In order to vectorise texts, a few steps must be followed to prepare data. Firstly, the prefered pre-trained model, BPE codes and vocabulary are obtained from XLM. In our case we are dealing with translation to different languages so the XNLI-15 model is used (pretrained on masked language modelling and translation language modelling). The texts must be split into sentences before processing. Some texts contain a large amount of digits and serial numbers which are not translated, thus these can de removed before vectorisation. The sentences can then be forced to lower case. For example:

$ sed 's/\S*[0-9]\S*//g' input_file | tr '[:upper:]' '[:lower:]' > output_file

The next step is to apply the previously obtained BPE codes to the sentences. This can be done by using the python API or by cloning the fastBPE repo and using the following command:

$ ./fast applybpe output_file input_file bpe_codes

Note: fastBPE must be compiled before running. See fastBPE for help.

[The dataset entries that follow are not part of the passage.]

Lemma mnm_split (m : 'X_{1..n}) e : (e <= mdeg m)%N ->
  exists m1 m2, m = (m1 + m2)%MM /\ mdeg m1 = e.
Proof.
elim: e => [|e IH] le_em; first by exists 0%MM, m; rewrite add0m mdeg0.
have [m1 [m2 [em m1e]]] := IH (ltnW le_em); rewrite {}em in le_em *.
have [i m2i] : exists i, m2 i != 0%N.
  apply/existsP; apply: contraTT le_em; rewrite negb_exists => /forallP m20.
  have -> : m2 = 0%MM by apply/mnmP => i; rewrite mnm0E; apply/eqP/negPn/m20.
  by rewrite addm0 m1e ltnn.
have le_im2 : (U_(i) <= m2)%MM by rewrite lep1mP.
exists (m1 + U_(i))%MM, (m2 - U_(i))%MM; split.
  by rewrite -addmA [(U_(i) + _)%MM]addmC submK.
by rewrite mdegD mdeg1 m1e addn1.
Qed.

Variable R : ringType.
Implicit Types (p q : {mpoly R[n]}).

Definition coefrow e p : 'rV[R]_#|{: deg_monom n e}| :=
  \row_r p@_(mon (enum_val r)).

Definition coefmx e a (g : 'I_a -> {mpoly R[n]}) : 'M[R]_(a, #|{: deg_monom n e}|) :=
  \matrix_(l, r) (g l)@_(mon (enum_val r)).

Lemma coefrowE e p t : coefrow e p 0 (enum_rank t) = p@_(mon t).
Proof. by rewrite mxE enum_rankK. Qed.

Lemma coefrow0 e : coefrow e 0 = 0.
Proof. by apply/rowP => r; rewrite !mxE mcoeff0. Qed.

Lemma coefrow_inj e : {in e.-homog &, injective (coefrow e)}.
Proof.
move=> p q hp hq /rowP pq; apply/mpolyP => m.
case: (eqVneq (mdeg m) e) => [/monP [t <-]|ne].
  by have := pq (enum_rank t); rewrite !coefrowE.
by rewrite (dhomog_nemf_coeff hp ne) (dhomog_nemf_coeff hq ne).
Qed.

Lemma coefrow_lincomb e a (g : 'I_a -> {mpoly R[n]}) (u : 'rV[R]_a) :
  coefrow e (\sum_l u 0 l *: g l) = u *m coefmx e g.
Proof.
apply/rowP => r; rewrite !mxE raddf_sum /=; apply: eq_bigr => l _.
by rewrite mcoeffZ mxE.
Qed.

Lemma coefrow_monomial e (t : deg_monom n e) :
  coefrow e 'X_[mon t] = delta_mx 0 (enum_rank t).
Proof.
apply/rowP => r; rewrite !mxE mcoeffX eqxx /=.
by rewrite -(inj_eq enum_val_inj) enum_rankK (inj_eq (@mon_inj _)) eq_sym.
Qed.

Lemma mcoeff_lincomb_monomials a (c : 'I_a -> R) (ms : 'I_a -> 'X_{1..n}) m :
  (\sum_l c l *: 'X_[ms l])@_m = \sum_(l | ms l == m) c l.
Proof.
rewrite raddf_sum [RHS]big_mkcond /=; apply: eq_bigr => l _.
by rewrite mcoeffZ mcoeffX; case: eqP; rewrite ?mulr1 ?mulr0.
Qed.

Lemma mcoeff_lincomb_monomials_inj a (c : 'I_a -> R) (ms : 'I_a -> 'X_{1..n}) l0 :
  injective ms -> (\sum_l c l *: 'X_[ms l])@_(ms l0) = c l0.
Proof.
move=> ms_inj; rewrite mcoeff_lincomb_monomials (big_pred1 l0) // => l.
exact: inj_eq.
Qed.

Lemma mcoeffM_low d p q m : q \is d.-homog -> (mdeg m <= d)%N ->
  (p * q)@_m = p@_0%MM * q@_m.
Proof.
move=> hq le_md; rewrite mcoeffM.
have h0 : (mdeg (0%MM : 'X_{1..n}) < (mdeg m).+1)%N by rewrite mdeg0.
pose k0 : 'X_{1..n < (mdeg m).+1, (mdeg m).+1} :=
  (BMultinom h0, @BMultinom n (mdeg m).+1 m (ltnSn _)).
rewrite (bigD1 k0) /=; last by rewrite add0m.
rewrite big1 ?addr0 // => -[m1 m2] /= /andP [/eqP em k_neq].
case: (eqVneq (mdeg m2) d) => [m2d|]; last first.
  by move/(dhomog_nemf_coeff hq) ->; rewrite mulr0.
have m10 : val m1 = 0%MM.
  have dm : mdeg m = (mdeg m1 + mdeg m2)%N by rewrite {1}em mdegD.
  have m1d0 : mdeg m1 = 0%N by lia.
  by apply/eqP; rewrite -mdeg_eq0 m1d0.
have m2m : val m2 = m by move: em; rewrite m10 add0m => /esym.
by move/negP: k_neq; case; apply/eqP; congr pair; apply: val_inj.
Qed.
(* Let $H$ be a cocommutative pointed Majid algebra over a field $k$ whose quiver $Q$ is connected (equivalently, $H$ is link-indecomposable). Then $Q$ has exactly one vertex (so $Q$ is a multi-loop quiver, all arrows being loops at that vertex) and hence $H$ is connected, i.e. its coradical is $k1_H$.
   Context: A Majid algebra (dual quasi-Hopf algebra) over $k$ is a coalgebra $(H,\Delta,\varepsilon)$ together with coalgebra maps $\mathrm{M}:H\otimes H\to H$ and $\mu:k\to H$, a convolution-invertible reassociator $\Phi:H^{\otimes3}\to k$, a coalgebra antimorphism $\mathcal S$ and functionals $\alpha,\beta$ satisfying the dual quasi-Hopf axioms: $a_1(b_1c_1)\Phi(a_2,b_2,c_2)=\Phi(a_1,b_1,c_1)(a_2b_2)c_2$; $1_Ha=a=a1_H$; $\Phi(a_1,b_1,c_1d_1)\Phi(a_2b_2,c_2,d_2)=\Phi(b_1,c_1,d_1)\Phi(a_1,b_2c_2,d_2)\Phi(a_2,b_3,c_3)$; $\Phi(a,1_H,b)=\varepsilon(a)\varepsilon(b)$; $\mathcal S(a_1)\alpha(a_2)a_3=\alpha(a)1_H$, $a_1\beta(a_2)\mathcal S(a_3)=\beta(a)1_H$; $\Phi(a_1,\mathcal S(a_3),a_5)\beta(a_2)\alpha(a_4)=\Phi^{-1}(\mathcal S(a_1),a_3,\mathcal S(a_5))\alpha(a_2)\beta(a_4)=\varepsilon(a)$. $H$ is pointed if all simple subcoalgebras are one-dimensional, and cocommutative if $\Delta=\Delta^{op}$. The quiver of a pointed coalgebra $C$ has vertex set the group-likes $G(C)$ and $\dim_k P_{g,h}(C)/k(g-h)$ arrows from $h$ to $g$, where $P_{g,h}(C)=\{x\in C:\Delta(x)=g\otimes x+x\otimes h\}$. *)

(* Majid algebras (dual quasi-Hopf algebras) over a field k,
   possibly infinite-dimensional, encoded without a tensor-product library:
   an element of H (x) H is a finite list of pairs (sum of simple tensors);
   two such lists are equal as tensors iff every bilinear form takes the same
   value on them (valid over a field).  Sweedler sums are sums over these lists;
   all expressions we form are multilinear in the tensor legs, hence
   independent of the chosen representative. *)
From HB Require Import structures.
From mathcomp Require Import all_boot all_order all_algebra.
From Stdlib Require Import Relations.
Set Implicit Arguments. Unset Strict Implicit. Unset Printing Implicit Defensive.
Import Order.TTheory GRing.Theory Num.Theory.
Local Open Scope ring_scope.

Section Majid.
Context {k : fieldType} {H : lmodType k}.

Definition lin_form (f : H -> k) := forall c x y, f (c *: x + y) = c * f x + f y.
Definition lin_map (f : H -> H) := forall c x y, f (c *: x + y) = c *: f x + f y.
Definition bilin_form (f : H -> H -> k) :=
  (forall c x y z, f (c *: x + y) z = c * f x z + f y z) /\
  (forall c x y z, f z (c *: x + y) = c * f z x + f z y).
Definition bilin_map (f : H -> H -> H) :=
  (forall c x y z, f (c *: x + y) z = c *: f x z + f y z) /\
  (forall c x y z, f z (c *: x + y) = c *: f z x + f z y).
Definition trilin_form (f : H -> H -> H -> k) :=
  (forall c x y z w, f (c *: x + y) z w = c * f x z w + f y z w) /\
  (forall c x y z w, f z (c *: x + y) w = c * f z x w + f z y w) /\
  (forall c x y z w, f z w (c *: x + y) = c * f z w x + f z w y).

Definition teq2 (s t : seq (H * H)) :=
  forall f, bilin_form f -> \sum_(p <- s) f p.1 p.2 = \sum_(p <- t) f p.1 p.2.

Variable Delta : H -> seq (H * H).

Definition sw2 {V : nmodType} (a : H) (F : H -> H -> V) : V :=
  \sum_(p <- Delta a) F p.1 p.2.
Definition sw3 {V : nmodType} (a : H) (F : H -> H -> H -> V) : V :=
  \sum_(p <- Delta a) \sum_(q <- Delta p.2) F p.1 q.1 q.2.
Definition sw5 {V : nmodType} (a : H) (F : H -> H -> H -> H -> H -> V) : V :=
  \sum_(p <- Delta a) \sum_(q <- Delta p.2) \sum_(r <- Delta q.2)
    \sum_(s <- Delta r.2) F p.1 q.1 r.1 s.1 s.2.

Record majid_algebra (eps : H -> k) (M : H -> H -> H) (one : H)
    (Phi Phiinv : H -> H -> H -> k) (S : H -> H) (alpha beta : H -> k) : Prop := {
  Delta_lin : forall f, bilin_form f -> forall c x y,
      sw2 (c *: x + y) f = c * sw2 x f + sw2 y f;
  eps_lin : lin_form eps;
  coassoc : forall f, trilin_form f -> forall a,
      \sum_(p <- Delta a) \sum_(q <- Delta p.1) f q.1 q.2 p.2 = sw3 a f;
  counit_l : forall a, sw2 a (fun x y => eps x *: y) = a;
  counit_r : forall a, sw2 a (fun x y => eps y *: x) = a;
  M_bilin : bilin_map M;
  M_Delta : forall f, bilin_form f -> forall a b,
      sw2 (M a b) f = sw2 a (fun a1 a2 => sw2 b (fun b1 b2 => f (M a1 b1) (M a2 b2)));
  M_eps : forall a b, eps (M a b) = eps a * eps b;
  one_Delta : teq2 (Delta one) [:: (one, one)];
  one_eps : eps one = 1;
  Phi_trilin : trilin_form Phi;
  Phiinv_trilin : trilin_form Phiinv;
  Phi_inv_r : forall a b c,
      sw2 a (fun a1 a2 => sw2 b (fun b1 b2 => sw2 c (fun c1 c2 =>
        Phi a1 b1 c1 * Phiinv a2 b2 c2))) = eps a * eps b * eps c;
  Phi_inv_l : forall a b c,
      sw2 a (fun a1 a2 => sw2 b (fun b1 b2 => sw2 c (fun c1 c2 =>
        Phiinv a1 b1 c1 * Phi a2 b2 c2))) = eps a * eps b * eps c;
  S_lin : lin_map S;
  S_Delta : forall a, forall f, bilin_form f ->
      sw2 (S a) f = sw2 a (fun a1 a2 => f (S a2) (S a1));
  S_eps : forall a, eps (S a) = eps a;
  alpha_lin : lin_form alpha;
  beta_lin : lin_form beta;
  quasi_assoc : forall a b c,
      sw2 a (fun a1 a2 => sw2 b (fun b1 b2 => sw2 c (fun c1 c2 =>
        Phi a2 b2 c2 *: M a1 (M b1 c1)))) =
      sw2 a (fun a1 a2 => sw2 b (fun b1 b2 => sw2 c (fun c1 c2 =>
        Phi a1 b1 c1 *: M (M a2 b2) c2)));
  unit_l : forall a, M one a = a;
  unit_r : forall a, M a one = a;
  cocycle : forall a b c d,
      sw2 a (fun a1 a2 => sw2 b (fun b1 b2 => sw2 c (fun c1 c2 => sw2 d (fun d1 d2 =>
        Phi a1 b1 (M c1 d1) * Phi (M a2 b2) c2 d2)))) =
      sw2 a (fun a1 a2 => sw3 b (fun b1 b2 b3 => sw3 c (fun c1 c2 c3 => sw2 d (fun d1 d2 =>
        Phi b1 c1 d1 * Phi a1 (M b2 c2) d2 * Phi a2 b3 c3))));
  Phi_normal : forall a b, Phi a one b = eps a * eps b;
  antipode_alpha : forall a,
      sw3 a (fun a1 a2 a3 => alpha a2 *: M (S a1) a3) = alpha a *: one;
  antipode_beta : forall a,
      sw3 a (fun a1 a2 a3 => beta a2 *: M a1 (S a3)) = beta a *: one;
  antipode_Phi : forall a,
      sw5 a (fun a1 a2 a3 a4 a5 => Phi a1 (S a3) a5 * beta a2 * alpha a4) = eps a;
  antipode_Phiinv : forall a,
      sw5 a (fun a1 a2 a3 a4 a5 => Phiinv (S a1) a3 (S a5) * alpha a2 * beta a4) = eps a
}.
(* Let $\mathcal T=(\mathbf T^{(1)},\dots,\mathbf T^{(n)})$ be an MPS with contraction $\mathbf T\neq0$, and let $\delta$ be an $\epsilon$-perturbation of $\mathcal T$. Then as $\epsilon\to0$, $$\mathscr E_r(\mathcal T,\delta)\le\epsilon\sum_{j=1}^n\frac{\|T^{[1,j-1]}_\rightarrow\|_2\,\|\mathbf T^{(j)}\|_F\,\|T^{[j+1,n]}_\leftarrow\|_2}{\|\mathbf T\|_F}+O(\epsilon^2).$$ Moreover the bound is tight: it is attained up to $O(\epsilon^2)$ by some $\epsilon$-perturbation when $\mathcal T$ is a product state network.
   Context: MPS: an MPS with $n$ sites is a tensor network on a path: site $j$ carries a physical (uncontracted) leg $p_j$, and for $1\le j\le n-1$ a bond (contracted leg) $b_j$ of dimension $D_j$ joins sites $j$ and $j+1$; $\mathbf T^{(1)}$ has legs $(p_1,b_1)$, $\mathbf T^{(n)}$ has legs $(b_{n-1},p_n)$, and $\mathbf T^{(j)}$ for $1<j<n$ has legs $(b_{j-1},p_j,b_j)$. The contraction $\mathbf T$ sums over all bond indices the product of the site entries. For $a\le b$, $\mathbf T^{[a,b]}$ is the contraction of sites $a,\dots,b$ only. $T^{[1,j-1]}_\rightarrow$ is the matricization of $\mathbf T^{[1,j-1]}$ with rows indexed by $p_1,\dots,p_{j-1}$ and columns by $b_{j-1}$; $T^{[j+1,n]}_\leftarrow$ is the matricization of $\mathbf T^{[j+1,n]}$ with rows indexed by $p_{j+1},\dots,p_n$ and columns by $b_j$; by convention $\|T^{[1,0]}_\rightarrow\|_2=\|T^{[n+1,n]}_\leftarrow\|_2=1$. An $\epsilon$-perturbation is a tuple $\delta=(\delta^{(i)})_{i=1}^n$, $\delta^{(i)}$ of the shape of $\mathbf T^{(i)}$, with $\|\delta^{(i)}\|_F\le\epsilon\|\mathbf T^{(i)}\|_F$ for all $i$; $\hat{\mathbf T}$ is the contraction of the sites $\mathbf T^{(i)}+\delta^{(i)}$ and $\mathscr E_r(\mathcal T,\delta)=\|\hat{\mathbf T}-\mathbf T\|_F/\|\mathbf T\|_F$. Product state network: there are unit vectors $u_e$, one per leg $e$, with each $\mathbf T^{(j)}=\|\mathbf T^{(j)}\|_F\bigotimes_{e\text{ at }j}u_e$. $\|\cdot\|_F$ Frobenius, $\|\cdot\|_2$ spectral norm. *)

From Stdlib Require Import Bool Reals Lra Lia Arith List ClassicalEpsilon.
Open Scope R_scope.

(** Site tensors of an n-site MPS are given as a single function
    [A : nat -> nat -> nat -> nat -> R]: for 1 <= j <= n,
    [A j a p b] is the entry of T^(j) at (b_{j-1} = a, p_j = p, b_j = b).
    Physical dimensions: [d j] for site j; bond dimensions [D j] for bond
    b_j, 1 <= j <= n-1.  The boundary legs b_0, b_n do not exist in the
    paper; we encode them uniformly as dummy legs of dimension 1 (index 0),
    so that T^(1) with legs (p_1,b_1) is [fun p b => A 1 0 p b], etc.
    Entries outside the index ranges are never used. *)

Definition site_tensors := nat -> nat -> nat -> nat -> R.

Definition bdim (n : nat) (D : nat -> nat) (j : nat) : nat :=
  if orb (j =? 0)%nat (n <=? j)%nat then 1%nat else D j.

Fixpoint rsum (m : nat) (f : nat -> R) : R :=
  match m with
  | O => 0
  | S m' => rsum m' f + f m'
  end.

Fixpoint msum (ds : list nat) (f : list nat -> R) : R :=
  match ds with
  | nil => f nil
  | m :: ds' => rsum m (fun i => msum ds' (fun l => f (i :: l)))
  end.

Definition pdims (d : nat -> nat) (i k : nat) : list nat := map d (seq i k).

(** left partial contraction T^[1,j]: physical indices ps (positions
    0..j-1 hold p_1..p_j), bond index b of b_j *)
Fixpoint lenv (n : nat) (D : nat -> nat) (A : site_tensors)
    (j : nat) (ps : list nat) (b : nat) : R :=
  match j with
  | O => if (b =? 0)%nat then 1 else 0
  | S j' => rsum (bdim n D j')
              (fun a => lenv n D A j' ps a * A (S j') a (nth j' ps 0%nat) b)
  end.

(** right partial contraction T^[n-k+1,n]: physical indices ps
    (= p_{n-k+1},...,p_n), bond index b of b_{n-k} *)
Fixpoint renv (n : nat) (D : nat -> nat) (A : site_tensors)
    (k : nat) (ps : list nat) (b : nat) : R :=
  match k with
  | O => if (b =? 0)%nat then 1 else 0
  | S k' => rsum (bdim n D (n - k'))
              (fun c => A (n - k')%nat b (hd 0%nat ps) c * renv n D A k' (tl ps) c)
  end.

Definition contr (n : nat) (D : nat -> nat) (A : site_tensors) (ps : list nat) : R :=
  lenv n D A n ps 0.

Definition fro_full (n : nat) (d D : nat -> nat) (A : site_tensors) : R :=
  sqrt (msum (pdims d 1 n) (fun ps => (contr n D A ps) ^ 2)).

Definition fro_site (n : nat) (d D : nat -> nat) (A : site_tensors) (j : nat) : R :=
  sqrt (rsum (bdim n D (j - 1)) (fun a =>
        rsum (d j) (fun p =>
        rsum (bdim n D j) (fun b => (A j a p b) ^ 2)))).

(** spectral norm of a matrix M with rows indexed by multi-indices over ds
    and columns by 0..m-1:  sup_{||x||=1} ||M x||  (0 if m = 0) *)
Definition spec_norm (ds : list nat) (m : nat) (M : list nat -> nat -> R) : R :=
  epsilon (inhabits 0)
    (is_lub (fun y => y = 0 \/
       exists x : nat -> R, rsum m (fun c => (x c) ^ 2) = 1 /\
         y = sqrt (msum ds (fun r => (rsum m (fun c => M r c * x c)) ^ 2)))).

(** || T^[1,j-1]_-> ||_2  (rows p_1..p_{j-1}, columns b_{j-1}) *)
Definition lnorm (n : nat) (d D : nat -> nat) (A : site_tensors) (j : nat) : R :=
  spec_norm (pdims d 1 (j - 1)) (bdim n D (j - 1)) (lenv n D A (j - 1)).

(** || T^[j+1,n]_<- ||_2  (rows p_{j+1}..p_n, columns b_j) *)
Definition rnorm (n : nat) (d D : nat -> nat) (A : site_tensors) (j : nat) : R :=
  spec_norm (pdims d (j + 1) (n - j)) (bdim n D j) (renv n D A (n - j)).

Definition first_order_coeff (n : nat) (d D : nat -> nat) (A : site_tensors) : R :=
  rsum n (fun i => let j := S i in
    lnorm n d D A j * fro_site n d D A j * rnorm n d D A j / fro_full n d D A).

Definition tadd (A B : site_tensors) : site_tensors :=
  fun j a p b => A j a p b + B j a p b.

Definition is_eps_perturbation (n : nat) (d D : nat -> nat)
    (A delta : site_tensors) (eps : R) : Prop :=
  forall j, (1 <= j <= n)%nat -> fro_site n d D delta j <= eps * fro_site n d D A j.

Definition rel_err (n : nat) (d D : nat -> nat) (A delta : site_tensors) : R :=
  sqrt (msum (pdims d 1 n) (fun ps =>
          (contr n D (tadd A delta) ps - contr n D A ps) ^ 2))
  / fro_full n d D A.

(** product state network: unit vectors u j on leg p_j (1<=j<=n) and w j on
    bond b_j (1<=j<=n-1) with T^(j) = ||T^(j)||_F (w_{j-1} (x) u_j (x) w_j),
    the dummy boundary legs carrying the constant 1. *)
Definition bvec (n : nat) (w : nat -> nat -> R) (j : nat) : nat -> R :=
  if orb (j =? 0)%nat (n <=? j)%nat then (fun _ => 1) else w j.

Definition product_state (n : nat) (d D : nat -> nat) (A : site_tensors) : Prop :=
  exists (u w : nat -> nat -> R),
    (forall j, (1 <= j <= n)%nat -> rsum (d j) (fun p => (u j p) ^ 2) = 1) /\
    (forall j, (1 <= j < n)%nat -> rsum (D j) (fun b => (w j b) ^ 2) = 1) /\
    (forall j a p b, (1 <= j <= n)%nat -> (a < bdim n D (j - 1))%nat ->
       (p < d j)%nat -> (b < bdim n D j)%nat ->
       A j a p b = fro_site n d D A j * bvec n w (j - 1) a * u j p * bvec n w j b).

From Stdlib Require Import Reals List Lra Lia Arith ClassicalEpsilon.
Open Scope R_scope.

(* Perturb the sites one at a time: T_hat - T telescopes into the sum over k of the
   contraction L_hat_k . delta^(k) . R_k, where L_hat_k contracts the perturbed sites before k
   and R_k the original sites after k.  Each summand has Frobenius norm at most
   ||L_hat_k||_2 ||delta^(k)||_F ||R_k||_2, and ||L_hat_k||_2 <= ||L_k||_2 + ||L_hat_k - L_k||_F,
   where the last term is O(eps) by induction on k; Minkowski's inequality adds the summands up.
   For a product state every environment has rank one and
   ||L_k||_2 ||T^(k)||_F ||R_k||_2 = ||T||_F, so the coefficient is at most n, while the
   perturbation delta = eps T has relative error (1 + eps)^n - 1 >= n eps. *)

(** * Finite sums *)

Lemma rsum_ext m f g : (forall i, (i < m)%nat -> f i = g i) -> rsum m f = rsum m g.
Proof.
  induction m as [|m IH]; intros H; simpl; auto.
  rewrite IH by (intros; apply H; lia). rewrite H by lia. reflexivity.
Qed.

Lemma rsum_add m f g : rsum m (fun i => f i + g i) = rsum m f + rsum m g.
Proof. induction m; simpl; [lra | rewrite IHm; lra]. Qed.

Lemma rsum_sub m f g : rsum m (fun i => f i - g i) = rsum m f - rsum m g.
Proof. induction m; simpl; [lra | rewrite IHm; lra]. Qed.

Lemma rsum_scal m c f : rsum m (fun i => c * f i) = c * rsum m f.
Proof. induction m; simpl; [lra | rewrite IHm; lra]. Qed.

Lemma rsum_div m f c : rsum m (fun i => f i / c) = rsum m f / c.
Proof. unfold Rdiv. rewrite Rmult_comm, <- rsum_scal. apply rsum_ext; intros; ring. Qed.

Lemma rsum_const m c : rsum m (fun _ => c) = INR m * c.
Proof. induction m; simpl rsum; [simpl; lra | rewrite IHm, S_INR; lra]. Qed.

Lemma rsum_zero m : rsum m (fun _ => 0) = 0.
Proof. rewrite rsum_const; ring. Qed.

Lemma rsum_le m f g : (forall i, (i < m)%nat -> f i <= g i) -> rsum m f <= rsum m g.
Proof.
  induction m as [|m IH]; intros H; simpl; [lra|].
  apply Rplus_le_compat; [apply IH; intros; apply H |apply H]; lia.
Qed.

Lemma rsum_nonneg m f : (forall i, (i < m)%nat -> 0 <= f i) -> 0 <= rsum m f.
Proof. intros H. rewrite <- (rsum_zero m). apply rsum_le; auto. Qed.

Lemma rsum_ge_term m f k :
  (k < m)%nat -> (forall i, (i < m)%nat -> 0 <= f i) -> f k <= rsum m f.
Proof.
  induction m as [|m IH]; intros Hk H; [lia|]. simpl.
  destruct (Nat.eq_dec k m) as [->|Hkm].
  - assert (0 <= rsum m f) by (apply rsum_nonneg; intros; apply H; lia). lra.
  - assert (f k <= rsum m f) by (apply IH; [lia | intros; apply H; lia]).
    assert (0 <= f m) by (apply H; lia). lra.
Qed.

Lemma rsum_swap m1 m2 (f : nat -> nat -> R) :
  rsum m1 (fun i => rsum m2 (fun j => f i j)) = rsum m2 (fun j => rsum m1 (fun i => f i j)).
Proof.
  induction m1; simpl; [symmetry; apply rsum_zero|].
  rewrite IHm1, <- rsum_add. reflexivity.
Qed.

Once the sentences have been prepared, the XLM model can be applied to produce tensors of shape (sequence_length, batch_size, model_dimension). When using XLM the first hidden state of the last layer is used as input for classification tasks as recommended in the XLM repository. This corresponds to tensor[0] in python. Generating sentence embeddings is quite computer intensive so the use of GPUs is advised. For example, the limit of sentences that can be processed at the same time is around 500 for a 128GB CPU, however, the run time is relatively low (around 30 minutes) so the text can be run quite quickly in parallel.

Due to the limit in labeled data (currently have access to ~300 documents) and the easier access to unlabeled data, semi-supervised regression is a good candidate for improved regression models.

The general idea is to use labeled data to predict unlabeled data, accept the results above a confidence threshold, using these new labels to predict the remaining unlabeled data and so on and so forth. For example, the labeled UNOG dataset could be combined with the larger unlabeled UN corpus to predict the words translated per day, ultimately linked with text difficulty. Similarly, the translation edit rate could be predicted.